My wife was just diagnosed a few weeks ago, and we had the wide area excision and SLNB last week.  I know we are so lucky to have everything come back negative.    The oncologist is saying that at this point the standard of care is just to come back every 3 months and he'll do an exam, feel the lymph nodes, ask how she's doing, and thats about it.   We just have to hope that she's not in the 10-20% where she gets hit with a stage 4 metastasis down the road.     He doesn't even want to think about doing a PET scan down the road because he says the chances of getting a false positive (and the resulting surgeries and complications from it) are too high.

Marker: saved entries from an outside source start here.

(* Let $X_1, \dots, X_n$ be independent, identically distributed random variables taking values in $[0, \infty)$, with common distribution function $F$. Suppose that (1) $F$ has a continuous density $f$ in a neighborhood of $0$ which is nonvanishing there (in particular $f(0) \neq 0$), and (2) $1 - F \in L^p([0, \infty))$ for some $p > 0$. Then, as $n \to \infty$, \[ \mathbb{E}\big(\min(X_1, \dots, X_n)\big) \sim \frac{1}{f(0)(n+1)}. \]
   Context: $a_n \sim b_n$ means $a_n / b_n \to 1$ as $n \to \infty$. *)

From HB Require Import structures.
From mathcomp Require Import all_boot all_order all_algebra.
From mathcomp Require Import all_classical all_reals all_analysis.
Set Implicit Arguments. Unset Strict Implicit. Unset Printing Implicit Defensive.
Import Order.TTheory GRing.Theory Num.Theory.
Import numFieldNormedType.Exports.
Local Open Scope classical_set_scope.
Local Open Scope ring_scope.

(* Mutual independence of a finite family of real random variables:
   the product rule for preimages of arbitrary Borel sets (taking B i = setT
   for the indices not in a subfamily recovers the rule for every subfamily). *)
Definition mutually_independent {d} {T : measurableType d} {R : realType}
  (P : probability T R) (n : nat) (X : 'I_n -> T -> R) : Prop :=
  forall B : 'I_n -> set R, (forall i, measurable (B i)) ->
    P (\bigcap_(i in [set: 'I_n]) (X i @^-1` B i)) =
    (\prod_(i < n) P (X i @^-1` B i))%E.

(* Expectation of min(X_1,...,X_n), computed in the extended reals
   (the empty minimum, n = 0, is +oo). *)
Definition expect_min {d} {T : measurableType d} {R : realType}
  (P : probability T R) (n : nat) (X : 'I_n -> T -> R) : \bar R :=
  (\int[P]_w (\big[Order.min/+oo%E]_(i < n) (X i w)%:E))%E.

From HB Require Import structures.
From mathcomp Require Import all_boot all_order all_algebra.
From mathcomp Require Import all_classical all_reals all_analysis.
From mathcomp Require Import ring lra measurable_realfun.
Import Order.TTheory GRing.Theory Num.Theory.
Import numFieldNormedType.Exports.
Local Open Scope classical_set_scope.
Local Open Scope ring_scope.

(* By the tail formula for expectations and independence,
   E min(X_1, ..., X_n) = \int_0^oo (1 - F)^n.  Near 0, F x = f(0) x + o(x),
   so on a short interval [0, eta] the integrand is squeezed between
   (1 - b x)^n for slopes b slightly above and slightly below f(0); these
   integrate to (1 - (1 - b eta)^(n+1)) / (b (n+1)).  Beyond eta,
   0 <= 1 - F <= r := 1 - b eta < 1, hence (1 - F)^n <= r^(n-k) (1 - F)^p for
   an integer k >= p, and the L^p hypothesis makes the tail O(r^n) = o(1/n). *)

Section distribution_function.
Context {R : realType} {d : measure_display} {T : measurableType d}.
Context {P : probability T R} {X : {mfun T >-> R}} {F : R -> R}.
Hypothesis XF : forall x, P [set w | X w <= x] = (F x)%:E.

Let measurable_le_set x : measurable [set w | X w <= x].
Proof.
have -> : [set w | X w <= x] = X @^-1` `]-oo, x].
  by apply/seteqP; split => w; rewrite /= in_itv.
exact: measurable_funPTI.
Qed.

Lemma cdf_ge0 x : 0 <= F x.
Proof. by rewrite -lee_fin -XF. Qed.

Lemma cdf_le1 x : F x <= 1.
Proof. by rewrite -lee_fin -XF; exact: probability_le1. Qed.

Lemma cdf_nondecreasing : {homo F : x y / x <= y}.
Proof.
move=> x y xy; rewrite -lee_fin -!XF; apply: le_measure; rewrite ?inE //.
by move=> w /= /le_trans; apply.
Qed.

Lemma ccdf_itv r : P (X @^-1` `]r, +oo[) = (1 - F r)%:E.
Proof.
have -> : X @^-1` `]r, +oo[ = ~` [set w | X w <= r].
  by apply/seteqP; split => w /=; rewrite in_itv /= andbT ltNge => /negP.
by rewrite probability_setC // XF EFinB.
Qed.

End distribution_function.

Section expectation_of_minimum.
Context {R : realType} {d : measure_display} {T : measurableType d}.
Variable P : probability T R.
Local Open Scope ereal_scope.

Lemma measurable_bigmin_EFin (I : Type) (s : seq I) (X : I -> {mfun T >-> R}) :
  measurable_fun setT (fun w => \big[Order.min/+oo]_(i <- s) (X i w)%:E).
Proof.
elim: s => [|i s IHs].
  by under eq_fun do rewrite big_nil; exact: measurable_cst.
under eq_fun do rewrite big_cons.
by apply: measurable_mine => //; exact/measurable_EFinP.
Qed.
(* For any integers $k\ge1$ and $N\ge1$, there exist real numbers $a,b$ such that every term of the generalized $k$-FL sequence $\{S^{(a,b)}_{k,n}\}_{n\ge0}$ is an integer and $|\mathcal{Z}(\{S^{(a,b)}_{k,n}\}_{n\ge0})|\ge N$.
   Context: For real $k,a,b$, the generalized $k$-FL sequence is $S^{(a,b)}_{k,0}=2b$, $S^{(a,b)}_{k,1}=bk+a$, $S^{(a,b)}_{k,n}=kS^{(a,b)}_{k,n-1}+S^{(a,b)}_{k,n-2}$ ($n\ge2$). For an integer sequence $\mathcal{A}=\{a_n\}_{n\ge0}$, a prime $p$ is a primitive prime divisor for $a_n$ if $p\mid a_n$ but $p\nmid a_m$ for all $0\le m<n$ with $a_m\neq0$; the Zsigmondy set is $\mathcal{Z}(\mathcal{A})=\{n\ge0: a_n \text{ has no primitive prime divisor}\}$, and $|S|$ denotes cardinality. *)

From Stdlib Require Import Reals ZArith Znumtheory List.
Open Scope R_scope.

Fixpoint FL (k a b : R) (n : nat) : R :=
  match n with
  | O => 2 * b
  | S m =>
      match m with
      | O => b * k + a
      | S p => k * FL k a b m + FL k a b p
      end
  end.

Definition primitive_prime_divisor (s : nat -> Z) (n : nat) (p : Z) : Prop :=
  prime p /\ (p | s n)%Z /\
  (forall m : nat, (m < n)%nat -> s m <> 0%Z -> ~ (p | s m)%Z).

Definition in_zsigmondy (s : nat -> Z) (n : nat) : Prop :=
  ~ (exists p : Z, primitive_prime_divisor s n p).

(* |Z(s)| >= N : Z(s) contains at least N distinct elements
   (the set may be infinite). *)
Definition zsigmondy_card_ge (s : nat -> Z) (N : nat) : Prop :=
  exists l : list nat, NoDup l /\ length l = N /\
    (forall n, In n l -> in_zsigmondy s n).

(** With [b = 0] the sequence is [S_n = a F_n], where [F] is the [k]-Fibonacci
    sequence ([F_0 = 0], [F_1 = 1]).  Take [a = F_1 F_2 ... F_(N+1)].  For
    [2 <= n <= N+1], [F_n] divides [a], so every prime divisor of [S_n = a F_n]
    already divides [S_1 = a], which is nonzero; hence [2, ..., N+1] all lie in
    the Zsigmondy set. *)

From Stdlib Require Import Reals ZArith Znumtheory List Lia Lra.

Lemma in_zsigmondy_of_prime_divisors_earlier (s : nat -> Z) (m n : nat) :
  (m < n)%nat -> s m <> 0%Z ->
  (forall p, prime p -> (p | s n)%Z -> (p | s m)%Z) ->
  in_zsigmondy s n.
Proof.
  intros Hmn Hsm Hdiv [p [Hp [Hpn Hprim]]].
  exact (Hprim m Hmn Hsm (Hdiv p Hp Hpn)).
Qed.

Lemma zsigmondy_card_ge_of_interval (s : nat -> Z) (lo N : nat) :
  (forall n, (lo <= n < lo + N)%nat -> in_zsigmondy s n) ->
  zsigmondy_card_ge s N.
Proof.
  intros Hint; exists (seq lo N); split; [|split].
  - apply seq_NoDup.
  - apply length_seq.
  - intros n Hn; apply Hint, in_seq, Hn.
Qed.

Lemma prime_divisor_mul_of_divides (p a d : Z) :
  prime p -> (d | a)%Z -> (p | a * d)%Z -> (p | a)%Z.
Proof.
  intros Hp Hda Hpad.
  destruct (prime_mult p Hp a d Hpad) as [Hpa | Hpd]; [exact Hpa|].
  exact (Z.divide_trans _ _ _ Hpd Hda).
Qed.

Definition Zprod (l : list Z) : Z := fold_right Z.mul 1%Z l.

Lemma Zprod_divide (l : list Z) (x : Z) : In x l -> (x | Zprod l)%Z.
Proof.
  induction l as [|y l IH]; simpl; [contradiction|].
  intros [<- | Hx].
  - apply Z.divide_factor_l.
  - apply Z.divide_mul_r, IH, Hx.
Qed.

Lemma Zprod_pos (l : list Z) : (forall x, In x l -> (0 < x)%Z) -> (0 < Zprod l)%Z.
Proof.
  induction l as [|y l IH]; simpl; intros Hpos; [lia|].
  apply Z.mul_pos_pos; [apply Hpos; left; reflexivity|].
  apply IH; intros x Hx; apply Hpos; right; exact Hx.
Qed.

Fixpoint kfib (k : Z) (n : nat) : Z :=
  match n with
  | O => 0%Z
  | S m =>
      match m with
      | O => 1%Z
      | S p => (k * kfib k m + kfib k p)%Z
      end
  end.

Lemma kfib_succ_pos (k : Z) : (1 <= k)%Z -> forall n, (0 < kfib k (S n))%Z.
Proof.
  intros Hk n.
  enough (H : (0 <= kfib k n)%Z /\ (0 < kfib k (S n))%Z) by apply H.
  induction n as [|n [IH0 IH1]]; [simpl; lia|].
  split; [lia|].
  change (0 < k * kfib k (S n) + kfib k n)%Z; nia.
Qed.

Lemma FL_b0 (k a : Z) (n : nat) :
  FL (IZR k) (IZR a) 0 n = IZR (a * kfib k n).
Proof.
  enough (H : FL (IZR k) (IZR a) 0 n = IZR (a * kfib k n) /\
              FL (IZR k) (IZR a) 0 (S n) = IZR (a * kfib k (S n))) by apply H.
  induction n as [|n [IH0 IH1]].
  - split; simpl; rewrite ?Z.mul_0_r, ?Z.mul_1_r; lra.
  - split; [exact IH1|].
    change (IZR k * FL (IZR k) (IZR a) 0 (S n) + FL (IZR k) (IZR a) 0 n
            = IZR (a * (k * kfib k (S n) + kfib k n)))%R.
    rewrite IH0, IH1, <- mult_IZR, <- plus_IZR; f_equal; ring.
Qed.

Theorem theorem4p7 (k : Z) (N : nat) :
  (1 <= k)%Z -> (1 <= N)%nat ->
  exists a b : R, exists s : nat -> Z,
    (forall n : nat, FL (IZR k) a b n = IZR (s n)) /\
    zsigmondy_card_ge s N.
Proof.
  intros Hk _.
  set (a := Zprod (map (kfib k) (seq 1 (S N)))).
  assert (Ha_pos : (0 < a)%Z).
  { apply Zprod_pos; intros x Hx.
    apply in_map_iff in Hx as [j [<- Hj]]; apply in_seq in Hj.
    replace j with (S (pred j)) by lia; apply kfib_succ_pos, Hk. }
  exists (IZR a), 0%R, (fun n => (a * kfib k n)%Z); split.
  { intro n; apply FL_b0. }
  apply (zsigmondy_card_ge_of_interval _ 2); intros n Hn.
  apply (in_zsigmondy_of_prime_divisors_earlier _ 1); simpl; [lia|lia|].
  intros p Hp Hpn; rewrite Z.mul_1_r.
  apply (prime_divisor_mul_of_divides p a (kfib k n) Hp); [|exact Hpn].
  apply Zprod_divide, in_map, in_seq; lia.
Qed.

I guess we're just not feeling too happy about this course of action, although I understand from doing a lot of reading it does seem to be the norm.   Although the mitosis rate is 2, the depth was just barely over 1mm (1.12).  The SNLB tracer localization was supposed to be very strong, so the surgeon feels very good that we got the 3 lymph nodes that the cancer would have spread to.  

Is it just crazy to try to push for some of the new drugs as adjuvant therapy (I know we'd have to pay out of pocket, yervoy is ~140k and the PD-1 inhibitors are more?).    But setting aside the monetary cost, the oncologist seemed to think that the toxicity risk of the new drugs outweighs any positive benefit we might get.  However I feel like it has to be a lot easier to nip any microtumors in the bud right now rather than wait until they are so large they will be caught be a physical exam.  Although I guess if your system/cancer reacts well to the new drugs, it will react when the tumor is large, and you don't necessarily need to try to get a jump on the process?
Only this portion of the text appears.